Chapter Fifteen – Glorious Ends

Varg had a mind to ask Vetor how long they were going to walk like this, but since he needed to keep the curator in his teeth, that was not an option. Just as he was about to start losing his patience, Vetor mumbled in his most morose voice, “Turn left here.”

At least that was a sign that they were moving toward a destination. Varg’s nose continued to sniff the air, and, as he began putting two and two together, he realized what Vetor was trying to do. He was quite unceremonious as he threw the ball of fur to the ground and stopped him from getting away by putting his paw on top of the curator fast.

“We’ve been walking in circles, haven’t we?” he asked in a low growl.

“How did you know? You’re a beast, you shouldn’t know such things,” Vetor protested and struggled to get away to no avail.

“I might be a beast, but I do have a head on my shoulders and I’m good at using it,” Varg replied. “Did you really think you could fool me like this? And what did you think would happen?”

“I hoped you’d grow tired and fall asleep. Then, I’d be free and you’d still be trapped down here.”

“Hmm,” Varg let out. “You could have done that already.”

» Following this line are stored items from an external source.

(* For every composition $p=(p_1,\ldots,p_\ell)$ of positive integers, let $B_p 1=B_{p_1}B_{p_2}\cdots B_{p_\ell}\,1$. Then $$B_p1\Big|_{q\to 1+q}\;=\;\sum_{\mu\vdash |p|} P_\mu(q)\,e_\mu[X]$$ for some polynomials $P_\mu(q)$ with nonnegative integer coefficients. Here $|p|=p_1+\cdots+p_\ell$.
   Context: For an integer $a\ge1$, the modified Hall–Littlewood operator $B_a$ acts on symmetric functions $F[X]$ (with coefficients in $\mathbb{Q}[q]$) by $$B_aF[X]=F\Big[X+\epsilon\frac{1-q}{z}\Big]\sum_{r\ge0}z^re_r[X]\Big|_{z^a},$$ where $|_{z^a}$ denotes taking the coefficient of $z^a$. The brackets denote plethystic substitution, and $\epsilon$ is the plethystic variable with $p_k[\epsilon]=(-1)^k$. Thus $p_k[X+\epsilon\frac{1-q}{z}]=p_k[X]+(-1)^k\frac{1-q^k}{z^k}$. Equivalently, $$B_a=\sum_{r,s\ge0}(-1)^sq^r\,e_{a+r+s}\,e_r^\perp h_s^\perp,$$ where $e_{a+r+s}$ acts by multiplication and $f^\perp$ is the adjoint of multiplication by $f$ under the Hall scalar product. The notation $|_{q\to 1+q}$ means substituting $1+q$ for $q$. *)

From HB Require Import structures.
From mathcomp Require Import all_boot all_order all_algebra.
From mathcomp Require Import mpoly.
Set Implicit Arguments. Unset Strict Implicit. Unset Printing Implicit Defensive.
Import Order.TTheory GRing.Theory Num.Theory.
Local Open Scope ring_scope.

(* Model of (the degree <= N part of) the ring of symmetric functions Lambda
   with coefficients in Q[q]:  Lambda_Q[q] = Q[q][p_1, p_2, ...] (power sums
   are algebraically independent generators).  We keep p_1..p_N, variable
   'X_i standing for p_(i+1); p_k for k > N is set to 0.  All computations in
   the theorem stay in degree <= N = |p|, where this truncation is an
   isomorphism. *)
Definition Rq := {poly rat}.
Definition Sym (N : nat) := {mpoly Rq[N]}.

Definition psum (N k : nat) : Sym N :=
  if k is k'.+1 then
    (if insub k' is Some i then 'X_i else 0)
  else 1.

(* elementary symmetric functions via Newton's identities:
   r e_r = sum_{i=1}^r (-1)^(i-1) e_(r-i) p_i,   e_0 = 1.
   elist N r = [:: e_0; ...; e_r]. *)
Fixpoint elist (N r : nat) : seq (Sym N) :=
  match r with
  | 0 => [:: 1]
  | r'.+1 =>
      let l := elist N r' in
      rcons l ((((r'.+1)%:R : rat)^-1)%:P *:
        \sum_(i < r'.+1) ((-1) ^+ i * nth 0 l (r' - i) * psum N i.+1))
  end.

Definition esym (N r : nat) : Sym N := nth 0 (elist N r) r.

Definition emon (N : nat) (mu : seq nat) : Sym N := \prod_(k <- mu) esym N k.

(* The plethystic substitution F |-> F[X + eps (1-q)/w], with w = 1/z, as a
   polynomial in w with coefficients in Sym N:
   p_k |-> p_k + (-1)^k (1 - q^k) w^k. *)
Definition pleth_shift (N : nat) (F : Sym N) : {poly Sym N} :=
  mmap (fun c : Rq => (c%:MP : Sym N)%:P)
       (fun i : 'I_N =>
          ('X_i : Sym N)%:P
          + ((((-1) ^+ i.+1 * (1 - 'X ^+ i.+1)) : Rq)%:MP : Sym N) *: 'X ^+ i.+1)
       F.

(* B_a F = F[X + eps (1-q)/z] * sum_r z^r e_r[X] |_{z^a}
         = sum_j (coeff of z^(-j) in F[...]) * e_(a+j). *)
Definition Bop (N a : nat) (F : Sym N) : Sym N :=
  let G := pleth_shift F in
  \sum_(j < size G) G`_j * esym N (a + j).

Definition Bcomp (N : nat) (p : seq nat) : Sym N := foldr (@Bop N) 1 p.

Definition shift_q (N : nat) (F : Sym N) : Sym N :=
  map_mpoly (fun c : Rq => c \Po ('X + 1)) F.

Definition is_partition (n : nat) (mu : seq nat) : bool :=
  [&& sumn mu == n, sorted (fun a b : nat => (b <= a)%N) mu & all (fun x : nat => (0 < x)%N) mu].

Definition nonneg_poly (P : {poly int}) : Prop := forall i, 0 <= P`_i.

From Pilot Require Import Defs.
From HB Require Import structures.
From mathcomp Require Import all_boot all_order all_algebra.
From mathcomp Require Import mpoly.
From mathcomp Require Import ring zify.
Import Order.TTheory GRing.Theory Num.Theory.
Set Implicit Arguments. Unset Strict Implicit. Unset Printing Implicit Defensive.
Local Open Scope ring_scope.

(* The shift F |-> F[X + eps (1-q)/z] is a ring morphism sending p_k to p_k + p_k[alpha] w^k,
   where alpha = eps (1-q) and w = 1/z.  Newton's identities determine e_k from the power sums
   and are additive under convolution, so the shift sends e_k to sum_m e_(k-m) e_m[alpha] w^m,
   with e_m[alpha] = (q-1) q^(m-1) for m > 0, which becomes q (1+q)^(m-1) under q -> 1+q.
   Hence B_a maps c e_nu to a sum of terms c c' e_lambda with c' a product of such e_m[alpha],
   and by induction B_p 1 is a sum of e_lambda whose coefficients lie in N[q] after q -> 1+q,
   a substitution that fixes every e_lambda. *)

Section Newton.
Variable R : pzRingType.
Implicit Types p a b : nat -> R.

Definition euler_op a n : R := n%:R * a n.

Lemma euler_op0 a : euler_op a 0 = 0.
Proof. exact: mul0r. Qed.

Definition newton p a : Prop :=
  forall n, euler_op a n.+1 = \sum_(i < n.+1) (-1) ^+ i * a (n - i)%N * p i.+1.

Lemma newton_uniq p p' a b K :
  (forall n, GRing.lreg (n.+1%:R : R)) -> (forall i, (0 < i <= K)%N -> p i = p' i) ->
  newton p a -> newton p' b -> a 0 = b 0 -> forall n, (n <= K)%N -> a n = b n.
Proof.
move=> reg pp' Na Nb ab0; elim/ltn_ind => -[|n] IH leK //.
apply: (reg n); move: (Na n) (Nb n); rewrite /euler_op => -> ->.
apply: eq_bigr => i _; have lt_in := ltn_ord i.
rewrite IH ?pp' //; lia.
Qed.

End Newton.
Lemma newton_rmorph (R S : pzRingType) (f : {rmorphism R -> S}) (p a : nat -> R) :
  newton p a -> newton (f \o p) (f \o a).
Proof.
move=> Na n; rewrite /euler_op /= -(rmorph_nat f) -rmorphM [_ * _]Na rmorph_sum.
by apply: eq_bigr => i _; rewrite !rmorphM rmorphXn rmorphN1.
Qed.

Lemma sum_triangle (V : nmodType) n (f : nat -> nat -> V) :
  \sum_(i < n.+1) \sum_(m < (n - i)%N.+1) f i m =
  \sum_(m < n.+1) \sum_(i < (n - m)%N.+1) f i m.
Proof.
have cut k (g : nat -> V) : (k <= n)%N ->
    \sum_(m < (n - k)%N.+1) g m = \sum_(m < n.+1) if (k + m <= n)%N then g m else 0.
  move=> le_kn; rewrite (big_ord_widen n.+1 g) ?ltnS ?leq_subr // big_mkcond.
  by apply: eq_bigr => m _; rewrite ltnS leq_subRL.
under eq_bigr => i _ do rewrite (cut i (f i) (ltn_ord i)).
rewrite exchange_big /=; apply: eq_bigr => m _.
by rewrite (cut m (f^~ m) (ltn_ord m)); apply: eq_bigr => i _; rewrite addnC.
Qed.

Section Convolution.
Variable R : comPzRingType.
Implicit Types p a b : nat -> R.

Definition conv a b n : R := \sum_(m < n.+1) a (n - m)%N * b m.

Lemma conv_sym a b n : conv a b n = conv b a n.
Proof.
rewrite /conv (reindex_inj rev_ord_inj) /=; apply: eq_bigr => m _.
by rewrite subKn ?leq_ord // mulrC.
Qed.

Lemma euler_conv a b n :
  euler_op (conv a b) n = conv (euler_op a) b n + conv a (euler_op b) n.
Proof.
rewrite /euler_op /conv mulr_sumr -big_split; apply: eq_bigr => m _ /=.
rewrite -{1}(subnK (leq_ord m)) natrD; ring.
Qed.

Lemma newton_convl p a b : newton p a -> forall n,
  \sum_(i < n.+1) (-1) ^+ i * conv a b (n - i)%N * p i.+1 =
  conv (euler_op a) b n.+1.
Proof.
move=> Na n; rewrite [RHS]/conv [RHS]big_ord_recr /= subnn euler_op0 mul0r addr0.
under [RHS]eq_bigr => m _ do rewrite subSn ?leq_ord // Na mulr_suml.
under eq_bigr do rewrite mulr_sumr mulr_suml.
rewrite (sum_triangle n (fun i m => (-1) ^+ i * (a (n - i - m)%N * b m) * p i.+1)).
apply: eq_bigr => m _; apply: eq_bigr => i _.
by rewrite subnAC; ring.
Qed.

“Done what?” Vetor asked suavely as if he couldn’t recall what he had just said.

“You’re the one who trapped me in this strange labyrinth from the beginning. Why do you keep coming back to me? You must want something.”

Vetor remained quiet for a bit and then exploded, “You’re not supposed to be here! What sort of forms should I use for you? I could go with CX-28, but you see, you’re a shapeshifter, and that doesn’t work. Or I could use 123-I, but that’s no good either, because you don’t admit to any greed! How am I supposed to work under these conditions? You’re… you’re… you’re an aberration!” the curator shouted as loudly as his tiny frame would allow.

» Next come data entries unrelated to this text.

Theorem theorem6p22 (V E : finType) (o t : E -> V) (neg : E -> E)
  (sigma : R -> E -> R) (a0 c : R) (g : V -> R)
  (Hrev_inv : forall e, neg (neg e) = e)
  (Hrev_ne : forall e, neg e <> e)
  (Hrev_o : forall e, o (neg e) = t e)
  (Hconn : connected o t)
  (Hc : is_critical o t sigma a0 c)
  (HA : exists x, aubry o t (sigma c) x)
  (Hg : forall x y, aubry o t (sigma c) x -> aubry o t (sigma c) y ->
          g x - g y <= Sdist o t (sigma c) y x) :
  dfe_sol o t neg (sigma c) (vmin o t (sigma c) g)
  /\ (forall x, aubry o t (sigma c) x -> vmin o t (sigma c) g x = g x)
  /\ (forall u, dfe_sol o t neg (sigma c) u ->
        (forall x, aubry o t (sigma c) x -> u x = g x) ->
        forall x, u x = vmin o t (sigma c) g x).
Proof.
have [[_ [u0 u0_sub]] _] := Hc.
have [e0] : inhabited E by case: HA => _ [[|e p] [] //]; constructor.
have links_total := connected_links_total Hrev_inv Hrev_o e0 Hconn.
split; [|split].
- exact (vmin_sol links_total u0_sub g Hrev_inv Hrev_o HA).
- exact (vmin_aubry links_total u0_sub HA Hg).
- exact (sol_eq_vmin links_total u0_sub Hrev_inv Hrev_o HA).
Qed.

“You seem to be a few bricks short of a load,” Varg commented. “Do you want me to give you the solution to your dilemma?”

“Yes!” Vetor exclaimed. “I would be in your debt if you helped me,” he added hurriedly.

“Take me out of here. Then you won’t have to fill out any form at all. It would be as if I never was here. Problem solved.”

“No, no,” Vetor complained in a pitiful voice, “I can’t do that. I am the curator of the Market of the Damned. I have never missed work a day in my life. I am a conscientious servant of Coinvale, and I would never neglect my duties. What you’re asking me to do is to commit fraud. Fraud!”

“Then how do you want to solve this problem? It looks to me like you can’t let it go.”

“Of course, I can’t let it go! What would the higher-ups think of me and my work etiquette? Soon enough, they’d find a replacement for me and then--”

The poor curator’s sides were heaving at the thought he might lose his job. Varg couldn’t figure out what could be so covetable about overseeing a bunch of tortured souls in the underground, but he didn’t need to understand the curator and his convoluted motives. What he needed was a way to get Vetor onboard with helping him so that he could return to his companions. If they were already near completing the shard by assembling all of the fragments and they were only waiting for him to make an appearance, they would surely be worried.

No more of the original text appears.